Task to carry out >> Reproduce all entries precisely, down to the last character.

Records from a dataset
Definition mu_contract b P N : term :=
  let N' := lift_n 0 N in
  let P' := ssubst 0 N' P in
  if b =? 0 then Mu b (App P' N') else Mu b P'.

Lemma typ_refining_mu b P N G d D :
  typ G (mu_contract b P N) d D -> typable N -> typ_refining G (App (Mu b P) N) d D.
Proof.
  intros H [G2 [D2 [dN HN]]].
  remember (mu_contract b P N) as T eqn:ET; unfold mu_contract in ET.
  destruct b as [|b]; simpl in ET;
    induction H; try discriminate; eauto using typ_refining_le, typ_refining_and.
  - injection ET as ->.
    destruct (typ_app_ssubst_inv _ _ _ 0 _ (Some k :: D)
                (fun d => typ_ssubst_inv P 0 _ G d _) eq_refl H) as [dx [HP Hx]].
    apply typ_refining_of_typ. apply (t_app _ _ _ _ dx (Some k)).
    + now apply t_mu2.
    + exact (typ_unlift_n _ _ 0 _ _ Hx).
  - injection ET as <- ->.
    destruct (typ_ssubst_inv _ _ _ _ _ _ H0) as [[dx|] [HP Hx]]; simpl in HP.
    + apply typ_refining_of_typ. apply (t_app _ _ _ _ dx (Some k)).
      * eapply t_mu1; eauto.
      * exact (typ_unlift_n _ _ 0 _ _ (Hx _ eq_refl)).
    + apply (typ_refining_app_erased _ _ _ dN (Some k) _ G2 D2); auto.
      intros G' D' HG HD. eapply typ_weaken; [eapply t_mu1|..]; eauto.
      eapply typ_weaken; eauto with ctx.
Qed.

Inductive head_step : term -> term -> term -> Prop :=
| hs_beta M N : head_step (App (Lam M) N) (subst_t 0 N M) N
| hs_mu b P N : head_step (App (Mu b P) N) (mu_contract b P N) N
| hs_app A A' B N : head_step A A' N -> head_step (App A B) (App A' B) N.

Lemma head_step_step X R N : head_step X R N -> step X R.
Proof. induction 1; [apply st_beta | apply st_mu | now apply st_appl]. Qed.
Definition iint_on (n : nat) (A : set (n.-tuple R)) (g : n.-tuple R -> \bar R) : \bar R :=
  iint (fun y => ((\1_A y)%:E * g y)%E).

Definition eball (n : nat) (x : n.-tuple R) (r : R) : set (n.-tuple R) :=
  [set y | \sum_(i < n) (tnth y i - tnth x i) ^+ 2 < r ^+ 2].

Definition morreyM (n : nat) (p lam : R) (f : n.-tuple R -> R) (x : n.-tuple R) (r : R)
  : \bar R :=
  ((r `^ (- lam))%:E * iint_on (eball x r) (fun y => (`|f y| `^ p)%:E))%E.

Definition morrey_norm (n : nat) (p lam : R) (f : n.-tuple R -> R) : \bar R :=
  ereal_sup [set (morreyM p lam f x r `^ (p^-1))%E | x in [set: n.-tuple R] & r in [set r | 0 < r]].

Definition morrey (n : nat) (p lam : R) (f : n.-tuple R -> R) : Prop :=
  measurable_fun setT f /\ (morrey_norm p lam f < +oo)%E.

Definition supM (n : nat) (p lam : R) (f : n.-tuple R -> R) (r : R) : \bar R :=
  ereal_sup [set morreyM p lam f x r | x in [set: n.-tuple R]].

Definition V0 (n : nat) (p lam : R) : set (n.-tuple R -> R) :=
  [set f | morrey p lam f /\ supM p lam f r @[r --> 0^'+] --> 0%E].

Definition Vinfty (n : nat) (p lam : R) : set (n.-tuple R -> R) :=
  [set f | morrey p lam f /\ supM p lam f r @[r --> +oo] --> 0%E].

Response >>
Definition mu_contract b P N : term :=
  let N' := lift_n 0 N in
  let P' := ssubst 0 N' P in
  if b =? 0 then Mu b (App P' N') else Mu b P'.

Lemma typ_refining_mu b P N G d D :
  typ G (mu_contract b P N) d D -> typable N -> typ_refining G (App (Mu b P) N) d D.
Proof.
  intros H [G2 [D2 [dN HN]]].
  remember (mu_contract b P N) as T eqn:ET; unfold mu_contract in ET.
  destruct b as [|b]; simpl in ET;
    induction H; try discriminate; eauto using typ_refining_le, typ_refining_and.
  - injection ET as ->.
    destruct (typ_app_ssubst_inv _ _ _ 0 _ (Some k :: D)
                (fun d => typ_ssubst_inv P 0 _ G d _) eq_refl H) as [dx [HP Hx]].
    apply typ_refining_of_typ. apply (t_app _ _ _ _ dx (Some k)).
    + now apply t_mu2.
    + exact (typ_unlift_n _ _ 0 _ _ Hx).
  - injection ET as <- ->.
    destruct (typ_ssubst_inv _ _ _ _ _ _ H0) as [[dx|] [HP Hx]]; simpl in HP.
    + apply typ_refining_of_typ. apply (t_app _ _ _ _ dx (Some k)).
      * eapply t_mu1; eauto.
      * exact (typ_unlift_n _ _ 0 _ _ (Hx _ eq_refl)).
    + apply (typ_refining_app_erased _ _ _ dN (Some k) _ G2 D2); auto.
      intros G' D' HG HD. eapply typ_weaken; [eapply t_mu1|..]; eauto.
      eapply typ_weaken; eauto with ctx.
Qed.

Inductive head_step : term -> term -> term -> Prop :=
| hs_beta M N : head_step (App (Lam M) N) (subst_t 0 N M) N
| hs_mu b P N : head_step (App (Mu b P) N) (mu_contract b P N) N
| hs_app A A' B N : head_step A A' N -> head_step (App A B) (App A' B) N.

Lemma head_step_step X R N : head_step X R N -> step X R.
Proof. induction 1; [apply st_beta | apply st_mu | now apply st_appl]. Qed.
Definition iint_on (n : nat) (A : set (n.-tuple R)) (g : n.-tuple R -> \bar R) : \bar R :=
  iint (fun y => ((\1_A y)%:E * g y)%E).

Definition eball (n : nat) (x : n.-tuple R) (r : R) : set (n.-tuple R) :=
  [set y | \sum_(i < n) (tnth y i - tnth x i) ^+ 2 < r ^+ 2].

Definition morreyM (n : nat) (p lam : R) (f : n.-tuple R -> R) (x : n.-tuple R) (r : R)
  : \bar R :=
  ((r `^ (- lam))%:E * iint_on (eball x r) (fun y => (`|f y| `^ p)%:E))%E.

Definition morrey_norm (n : nat) (p lam : R) (f : n.-tuple R -> R) : \bar R :=
  ereal_sup [set (morreyM p lam f x r `^ (p^-1))%E | x in [set: n.-tuple R] & r in [set r | 0 < r]].

Definition morrey (n : nat) (p lam : R) (f : n.-tuple R -> R) : Prop :=
  measurable_fun setT f /\ (morrey_norm p lam f < +oo)%E.

Definition supM (n : nat) (p lam : R) (f : n.-tuple R -> R) (r : R) : \bar R :=
  ereal_sup [set morreyM p lam f x r | x in [set: n.-tuple R]].

Definition V0 (n : nat) (p lam : R) : set (n.-tuple R -> R) :=
  [set f | morrey p lam f /\ supM p lam f r @[r --> 0^'+] --> 0%E].

Definition Vinfty (n : nat) (p lam : R) : set (n.-tuple R -> R) :=
  [set f | morrey p lam f /\ supM p lam f r @[r --> +oo] --> 0%E].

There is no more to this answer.